Nel 2022 avete ricominciato a suonare dal vivo con tante date, ti è mancata la dimensione live in questi ultimi anni?
Mi è mancata molto ovviamente, abbiamo fatto di tutto per poter riprendere a suonare. Stiamo avendo una buona media mensile di date considerato che siamo fermi da anni senza niente di nuovo fuori. E’ una cosa sulla quale mi sono molto impuntato, poter esistere nonostante non ci fosse una grande attività sui social, anzi non c’è stata affatto e nessun disco nuovo. Questa è un’altra cosa da cui mi chiamo fuori: l’obbligo di esserci per esistere. C’è casomai l’obbligo di esistere per esserci.
Credo che oggi soprattutto i giovani musicisti sentano molto la pressione di questo obbligo, la vivono sulla loro pelle. C’è questa mania di pubblicare continuamente singoli.

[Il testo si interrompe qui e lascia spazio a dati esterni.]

Lemma Rpower_second_difference (p x : R) : 1 < x ->
  exists xi, x - 1 < xi < x + 1 /\
    Rpower (x + 1) p + Rpower (x - 1) p - 2 * Rpower x p = p * (p - 1) * Rpower xi (p - 2).
Proof.
  intros Hx.
  destruct (second_difference_mvt (fun t => Rpower t p) (fun t => p * Rpower t (p - 1))
              (fun t => p * ((p - 1) * Rpower t (p - 1 - 1))) x) as [xi [Hxi E]].
  - intros t Ht. apply is_derive_Rpower. lra.
  - intros t Ht. apply @is_derive_scal, is_derive_Rpower. lra.
  - exists xi; split; [exact Hxi|]. rewrite E.
    replace (p - 1 - 1) with (p - 2) by ring. ring.
Qed.

Lemma Rpower_pos (x y : R) : 0 < Rpower x y.
Proof. apply exp_pos. Qed.

Lemma Rpower_le_of_nonpos (x y e : R) : 0 < x <= y -> e <= 0 -> Rpower y e <= Rpower x e.
Proof.
  intros Hxy He. replace e with (- - e) by ring. rewrite (Rpower_Ropp y), (Rpower_Ropp x).
  apply Rinv_le_contravar; [apply Rpower_pos|]. apply Rle_Rpower_l; lra.
Qed.

Lemma Rpower_second_difference_bounds (p x : R) : 1 <= p <= 2 -> 1 < x ->
  p * (p - 1) * Rpower (x + 1) (p - 2)
    <= Rpower (x + 1) p + Rpower (x - 1) p - 2 * Rpower x p
    <= p * (p - 1) * Rpower (x - 1) (p - 2).
Proof.
  intros Hp Hx.
  destruct (Rpower_second_difference p x Hx) as [xi [Hxi ->]].
  assert (Hc : 0 <= p * (p - 1)) by nra.
  split; apply Rmult_le_compat_l; try exact Hc; apply Rpower_le_of_nonpos; lra.
Qed.

Lemma rpow_Rpower (x y : R) : 0 < x -> rpow x y = Rpower x y.
Proof. intros Hx. unfold rpow. destruct (Rle_dec x 0); [lra | reflexivity]. Qed.

Lemma Rpower_1_l (y : R) : Rpower 1 y = 1.
Proof. unfold Rpower. rewrite ln_1, Rmult_0_r. apply exp_0. Qed.

Lemma rho_Rpower (h : R) (k : nat) : (2 <= k)%nat ->
  rho h k = (Rpower (INR k + 1) (2 * h) + Rpower (INR k - 1) (2 * h)
             - 2 * Rpower (INR k) (2 * h)) / 2.
Proof.
  intros Hk. assert (2 <= INR k) by (apply (le_INR 2); exact Hk).
  unfold rho. rewrite !rpow_Rpower by lra. reflexivity.
Qed.
(* Inclusion-exclusion modulo 2. *)
Lemma odd_count_andeq (A : Type) (p q : pred A) c d (w : seq A) :
  odd (count (fun a => (p a == c) && (q a == d)) w) =
  odd (count (fun a => p a && q a) w) (+) (~~ d && odd (count p w))
  (+) (~~ c && odd (count q w)) (+) (~~ c && ~~ d && odd (size w)).
Proof.
elim: w => [|a w IH] /=; first by case: c; case: d.
rewrite !oddD {}IH !oddb.
by case: (p a); case: (q a); case: c; case: d; do 4!case: (odd _).
Qed.

Section ElemAbelian2.
Variable G : zmodType.
Hypothesis hG : elem_abelian2 G.

Lemma oppr_char2 (x : G) : - x = x.
Proof. by apply/eqP; rewrite eq_sym -addr_eq0 hG. Qed.

Lemma mulrn_char2 (x : G) n : x *+ n = x *+ odd n.
Proof.
elim: n => [|n IH] //; rewrite mulrS IH /=.
by case: (odd n); rewrite /= ?hG ?addr0.
Qed.

Lemma reflection_char2 (t s : G) : t *+ 2 - s = s.
Proof. by rewrite mulr2n hG sub0r oppr_char2. Qed.

(** * The word problem in U *)

Definition letter_count (x : G) (w : word G) : nat := count_mem x (map fst w).

Section WordProblem.
Variable T : {pred G}.

Lemma ueq_ctx a c u v : ueq T u v -> ueq T (a ++ u ++ c) (a ++ v ++ c).
Proof.
elim=> [u' v' a' c' st | u' | u' v' _ IH | u' v' w' _ IH1 _ IH2].
- have := ueq_step (a ++ a') (c' ++ c) st.
  by rewrite !catA -!(catA a) -!catA.
- exact: ueq_refl.
- exact: ueq_sym.
- exact: ueq_trans IH2.
Qed.
Arguments ueq_ctx a c [u v].

Lemma ueq_cons x u v : ueq T u v -> ueq T (x :: u) (x :: v).
Proof. by move/(ueq_ctx [:: x] [::]); rewrite !cats0. Qed.

Lemma ueq_tail u v w : ueq T u v -> ueq T (u ++ w) (v ++ w).
Proof. exact: (ueq_ctx [::] w). Qed.
Arguments ueq_tail : clear implicits.

Lemma ueq_letter_inv t b w : t \in T -> ueq T ((t, b) :: w) ((t, false) :: w).
Proof.
move=> tT; case: b; last exact: ueq_refl.
apply: (ueq_tail [:: (t, true)] [:: (t, false)] w).
apply: ueq_trans (ueq_sym (ueq_step [::] [:: (t, true)] (us_sq tT))) _.
by have := ueq_step [:: (t, false)] [::] (us_free false tT); rewrite cats0.
Qed.

Lemma ueq_swap t s w : t \in T -> s \in T ->
  ueq T ((t, false) :: (s, false) :: w) ((s, false) :: (t, false) :: w).
Proof.
move=> tT sT.
apply: (ueq_tail [:: (t, false); (s, false)] [:: (s, false); (t, false)] w).
have := ueq_step [:: (t, false); (s, false)] [::] (us_free true tT); rewrite cats0.
move/ueq_sym/ueq_trans; apply.
by have := ueq_step [::] [:: (t, false)] (us_conj tT sT); rewrite reflection_char2.
Qed.

Lemma ueq_letter_count u v : ueq T u v -> forall x, odd (letter_count x u) = odd (letter_count x v).
Proof.
elim=> [u' v' a c st | u' | u' v' _ IH | u' v' w' _ IH1 _ IH2] x; last 3 first.
- by [].
- by rewrite IH.
- by rewrite IH1 IH2.
rewrite /letter_count !map_cat !count_cat !oddD; congr (_ (+) (_ (+) _)).
case: st => [t b _ | t _ | t s _ _] /=; rewrite ?reflection_char2.
- by case: (t == x).
- by case: (t == x).
- by case: (t == x); case: (s == x).
Qed.

Lemma ueq_move_front w t : word_in T w -> t \in map fst w ->
  exists r, [/\ word_in T r, ueq T w ((t, false) :: r), size w = (size r).+1 &
     forall x, letter_count x w = (letter_count x r + (t == x))%N].
Proof.
elim: w => [|[a b] w IH] //= /andP[aT wT].
rewrite in_cons; case: eqP => [->|ne] /= tw.
  exists w; split => //; first exact: ueq_letter_inv.
  by move=> x; rewrite /letter_count /= addnC.
have [r [rT e sz c]] := IH wT tw.
have tT : t \in T by case/mapP: tw => [[t' b'] hin ->]; exact: (allP wT _ hin).
exists ((a, false) :: r); split => //=; first by rewrite aT.
- apply: ueq_trans (ueq_cons (a, b) e) _.
  exact: ueq_trans (ueq_letter_inv _ _ aT) (ueq_swap _ aT tT).
- by rewrite sz.
- by move=> x; rewrite /letter_count /= -/(letter_count x w) c addnA.
Qed.

Lemma ueq_of_letter_count u v : word_in T u -> word_in T v ->
  (forall x, odd (letter_count x u) = odd (letter_count x v)) -> ueq T u v.
Proof.
have [n] := ubnP (size u + size v); elim: n u v => // n IH.
suff cons_case t b u' v : (size u' + size v < n)%N ->
    word_in T ((t, b) :: u') -> word_in T v ->
    (forall x, odd (letter_count x ((t, b) :: u')) = odd (letter_count x v)) ->
    ueq T ((t, b) :: u') v.
  case=> [|[t b] u'] [|[s c] v'] //= sz uT vT par; first exact: ueq_refl.
  - by apply/ueq_sym/cons_case; rewrite ?addn0.
  - by apply: cons_case; rewrite //= uT.
  - by apply: cons_case; rewrite //= ?uT // addnS -ltnS.
move=> sz /= /andP[tT u'T] vT par.
have count_u x : letter_count x ((t, b) :: u') = ((t == x) + letter_count x u')%N by [].
apply: ueq_trans (ueq_letter_inv _ _ tT) _.
case tv : (t \in map fst v).
  have [r [rT e szv c]] := ueq_move_front vT tv.
  apply: ueq_trans _ (ueq_sym e); apply: ueq_cons; apply: IH => //.
    by move: sz; rewrite szv; lia.
  by move=> x; move: (par x); rewrite count_u c oddD [odd (_ + _)]oddD addbC => /addIb.
have vt0 : letter_count t v = 0%N by apply/count_memPn; rewrite tv.
have tu : t \in map fst u'.
  move: (par t); rewrite count_u vt0 eqxx /= => h.
  by rewrite -has_pred1 has_count lt0n; apply/eqP => c0; move: h; rewrite /letter_count c0.
have [r [rT e szu c]] := ueq_move_front u'T tu.
apply: ueq_trans (ueq_cons _ e) _.
apply: ueq_trans (ueq_step [::] r (us_sq tT)) _.
apply: IH => //=; first by move: sz; rewrite szu; lia.
move=> x; rewrite -par count_u c addnC -addnA oddD [odd (_ + _)]oddD.
by case: (t == x); case: (odd _).
Qed.

End WordProblem.

(** * The image of a word in W *)

Definition letter_sum (w : word G) : G := \sum_(a <- w) a.1.

Lemma letter_sum_cons (a : G * bool) (w : word G) : letter_sum (a :: w) = a.1 + letter_sum w.
Proof. exact: big_cons. Qed.

Lemma phiw_cons (a : G * bool) (w : word G) : phiw (a :: w) = wmul (phi_letter a) (phiw w).
Proof. by []. Qed.

Lemma phiw_sign (w : word G) : (phiw w).2 = odd (size w).
Proof.
elim: w => [|[t c] w IH] //; rewrite phiw_cons.
by case: (phiw w) IH => [[l g] v] /= ->; case: c.
Qed.

Lemma phiw_sum (w : word G) : (phiw w).1.2 = letter_sum w.
Proof.
elim: w => [|[t c] w IH]; first by rewrite /letter_sum big_nil.
rewrite phiw_cons letter_sum_cons; case: (phiw w) IH => [[l g] v] /= ->.
by case: c; case: v; rewrite /= ?oppr_char2 ?opprK.
Qed.

Definition alternating (A : zmodType) (b : G -> G -> A) : Prop :=
  [/\ forall h, {morph b^~ h : x y / x + y},
      forall g, {morph b g : x y / x + y} &
      forall g, b g g = 0].

Section Alternating.
Variables (A : zmodType) (b : G -> G -> A).
Hypothesis b_alt : alternating b.

Lemma alt_addl y : {morph b^~ y : x x' / x + x'}.
Proof. by case: b_alt. Qed.

Lemma alt_addr x : {morph b x : y y' / y + y'}.
Proof. by case: b_alt. Qed.

Lemma alt_oppl x y : b (- x) y = - b x y.
Proof. exact: (morph_addN (alt_addl y)). Qed.

Lemma alt_suml I r (P : pred I) (F : I -> G) y :
  b (\sum_(i <- r | P i) F i) y = \sum_(i <- r | P i) b (F i) y.
Proof. exact: (big_morph _ (alt_addl y) (morph_add0 (alt_addl y))). Qed.

Lemma alt_sumr I r (P : pred I) (F : I -> G) x :
  b x (\sum_(i <- r | P i) F i) = \sum_(i <- r | P i) b x (F i).
Proof. exact: (big_morph _ (alt_addr x) (morph_add0 (alt_addr x))). Qed.

Lemma alt_mulrnl x n y : b (x *+ n) y = b x y *+ n.
Proof.
elim: n => [|n IH]; first by rewrite !mulr0n (morph_add0 (alt_addl y)).
by rewrite !mulrS alt_addl IH.
Qed.

Lemma alt_mulrnr x n y : b x (y *+ n) = b x y *+ n.
Proof.
elim: n => [|n IH]; first by rewrite !mulr0n (morph_add0 (alt_addr x)).
by rewrite !mulrS alt_addr IH.
Qed.

Lemma alt_char2 x y : b x y + b x y = 0.
Proof. by rewrite -alt_addl hG (morph_add0 (alt_addl y)). Qed.

Lemma alt_sym x y : b y x = b x y.
Proof.
case: b_alt => bDl bDr b0; have := b0 (x + y).
rewrite bDl !bDr !b0 add0r addr0 => /eqP; rewrite addr_eq0 => /eqP ->.
by apply/eqP; rewrite -addr_eq0 alt_char2.
Qed.

End Alternating.

Definition wedge_eval (A : zmodType) (b : G -> G -> A) (w : word G) : A :=
  \sum_(p <- (phiw w).1.1) b p.1 p.2.

Lemma wedge_eval_cons (A : zmodType) (b : G -> G -> A) a w : alternating b ->
  wedge_eval b (a :: w) = wedge_eval b w + b a.1 (letter_sum w).
Proof.
move=> b_alt; rewrite /wedge_eval phiw_cons -phiw_sum; case: (phiw w) => [[l g] v] /=.
case: a => t [] /=; rewrite ?big_cons big_cat /= big_cons big_nil addr0 ?opprK oppr_char2 //.
by case: b_alt => _ _ ->; rewrite add0r.
Qed.

Lemma weq_phiwP (u v : word G) : weq (phiw u) (phiw v) <->
  [/\ letter_sum u = letter_sum v, odd (size u) = odd (size v) &
      forall (A : zmodType) (b : G -> G -> A), alternating b -> wedge_eval b u = wedge_eval b v].
Proof.
have wedge_diff (A : zmodType) (b : G -> G -> A) : alternating b ->
    \sum_(p <- (phiw u).1.1 ++ wneg (phiw v).1.1) b p.1 p.2 = wedge_eval b u - wedge_eval b v.
  move=> b_alt; rewrite /wedge_eval big_cat /= /wneg big_map -sumrN.
  by congr (_ + _); apply: eq_bigr => p _; rewrite /= alt_oppl.
rewrite /weq (phiw_sum u) (phiw_sum v) !phiw_sign; split.
  case=> -> [-> vanish]; split=> // A b b_alt; apply/eqP; rewrite -subr_eq0 -wedge_diff //.
  by case: b_alt => bDl bDr b0; apply/eqP/vanish.
case=> -> -> same_eval; do 2!split=> //; move=> A b bDl bDr b0.
by rewrite wedge_diff ?same_eval ?subrr.
Qed.

(** * Coordinates over F_2 *)

Lemma f2_independent_count_odd (B : {pred G}) (s s' : seq G) : f2_independent B ->
  all (fun x => x \in B) s -> all (fun x => x \in B) s' ->
  \sum_(x <- s) x = \sum_(x <- s') x ->
  forall x, odd (count_mem x s) = odd (count_mem x s').
Proof.
move=> B_ind sB s'B eq_sum.
pose r := undup (s ++ s'); pose odd_diff z := odd (count_mem z s) != odd (count_mem z s').
have r_uniq : uniq r := undup_uniq _.
have s_r : {subset s <= r} by move=> x xs; rewrite mem_undup mem_cat xs.
have s'_r : {subset s' <= r} by move=> x xs; rewrite mem_undup mem_cat xs orbT.
have diff0 : \sum_(z <- filter odd_diff r) z = \sum_(x <- s) x - \sum_(x <- s') x.
  rewrite (sum_count_mem id r_uniq s_r) (sum_count_mem id r_uniq s'_r) -sumrB.
  rewrite big_filter big_mkcond; apply: eq_bigr => z _.
  rewrite /odd_diff (mulrn_char2 z (count_mem z s)) (mulrn_char2 z (count_mem z s')).
  by do 2!case: (odd _); rewrite /= ?subrr ?subr0 ?sub0r ?oppr_char2.
rewrite eq_sum subrr in diff0.
have diff_nil : filter odd_diff r = [::].
  apply: B_ind diff0; first by rewrite filter_uniq.
  apply/allP => z; rewrite mem_filter mem_undup mem_cat => /andP[_ /orP[zs|zs]].
    exact: (allP sB).
  exact: (allP s'B).
move=> x; case xr : (x \in r).
  have : x \notin filter odd_diff r by rewrite diff_nil.
  by rewrite mem_filter xr andbT negbK => /eqP.
move/negbT: xr; rewrite mem_undup mem_cat negb_or => /andP[xs xs'].
by rewrite (count_memPn xs) (count_memPn xs').
Qed.

(* generates (fun x => x \in bs) is convertible to forall g, spanned bs g. *)
Definition spanned (bs : seq G) (g : G) : Prop :=
  exists s, all (fun x => x \in bs) s /\ g = \sum_(x <- s) x.

Lemma spanned0 bs : spanned bs 0.
Proof. by exists [::]; rewrite big_nil. Qed.

Lemma spannedD bs x y : spanned bs x -> spanned bs y -> spanned bs (x + y).
Proof.
move=> [s [sbs ->]] [s' [s'bs ->]]; exists (s ++ s').
by rewrite all_cat sbs s'bs big_cat.
Qed.

Lemma spanned_mem bs x : x \in bs -> spanned bs x.
Proof. by move=> xbs; exists [:: x]; rewrite /= xbs big_seq1. Qed.

Definition span_rep (bs : seq G) (g : G) : seq G :=
  epsilon (inhabits [::]) (fun s => all (fun x => x \in bs) s /\ g = \sum_(x <- s) x).

(* Well defined by f2_independent_count_odd when bs is independent and g is spanned by bs;
   junk otherwise. *)
Definition coord (bs : seq G) (k : nat) (g : G) : bool :=
  odd (count_mem (nth 0 bs k) (span_rep bs g)).

Section Coordinates.
Variable bs : seq G.
Hypotheses (bs_ind : f2_independent (fun x => x \in bs)) (bs_uniq : uniq bs).
Local Notation n := (size bs).
Local Notation e k := (nth 0 bs k).

Lemma coord_sum k s : all (fun x => x \in bs) s ->
  coord bs k (\sum_(x <- s) x) = odd (count_mem (e k) s).
Proof.
move=> sbs; have spanned_s : spanned bs (\sum_(x <- s) x) by exists s.
have [rep_bs rep_sum] := epsilon_spec (inhabits [::]) _ spanned_s.
by apply: (f2_independent_count_odd bs_ind) => //; rewrite -rep_sum.
Qed.

Lemma coord0 k : coord bs k 0 = false.
Proof. by have := @coord_sum k [::] isT; rewrite big_nil. Qed.

Lemma coordD k x y : spanned bs x -> spanned bs y ->
  coord bs k (x + y) = coord bs k x (+) coord bs k y.
Proof.
move=> [s [sbs ->]] [s' [s'bs ->]].
by rewrite -big_cat !coord_sum ?all_cat ?sbs ?s'bs // count_cat oddD.
Qed.

Lemma coord_nth k j : (j < n)%N -> (k < n)%N -> coord bs k (e j) = (j == k).
Proof.
move=> jn kn; have := @coord_sum k [:: e j]; rewrite big_seq1 /= mem_nth // => -> //.
by rewrite addn0 nth_uniq //; case: (j == k).
Qed.

Lemma coord_expand g : spanned bs g -> g = \sum_(0 <= k < n) e k *+ coord bs k g.
Proof.
move=> [s [sbs ->]]; rewrite {1}(sum_count_mem id bs_uniq (allP sbs)) (big_nth 0).
by apply: eq_bigr => k _; rewrite coord_sum // [LHS]mulrn_char2.
Qed.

Questa cosa in realtà esisteva anche prima dei social, storicamente si faceva anche negli anni ’50 e ’60. Però aveva una qualità, mentre adesso non mi sento di far parte di questa catena di montaggio che è veramente insensata perchè nella maggior parte dei casi non muove soldi, cioè non smuove particolarmente l’economia. Nei casi in cui muove l’economia, proprio perchè ci sono soldi che girano io mi augurerei di vedere un po’ più di sfida e di menefreghismo, non lavoro d’ufficio. La gente si assicura il sostentamento minimo base attraverso un lavoro che fino a qualche tempo fa non rendeva assolutamente niente. Adesso è diventato tutto una sorta di Sanremo prêt-à–porter, se mi sento libero è proprio perchè non ne faccio parte.
Sono curiosa, cosa farete a Firenze, ci saranno pezzi nuovi?
Abbiamo scarnificato molto il corpo dei Jennifer in termini di arrangiamenti, siamo tornati all’essenziale, cosa che secondo me manca totalmente in questo periodo in cui c’è molta sartoria ma c’è poca ciccia sotto i vestiti. Nel bene e nel male il nostro intendo è tornare all’essenza del fare musica, dello stare su un palco a mettersi in scena, divertirsi e dimenticare tutto e tutti per quell’ora e un quarto. Abbiamo scelto dei brani che potessero stare in piedi egregiamente con questo nuovo assetto minimale e aggressivo. C’è uno spirito ridanciano, festivo e sporco, diciamo. Per le date che abbiamo fatto fin’ora ti posso dire che la gente ha reagito in una maniera inedita, c’è fame e sete di musica.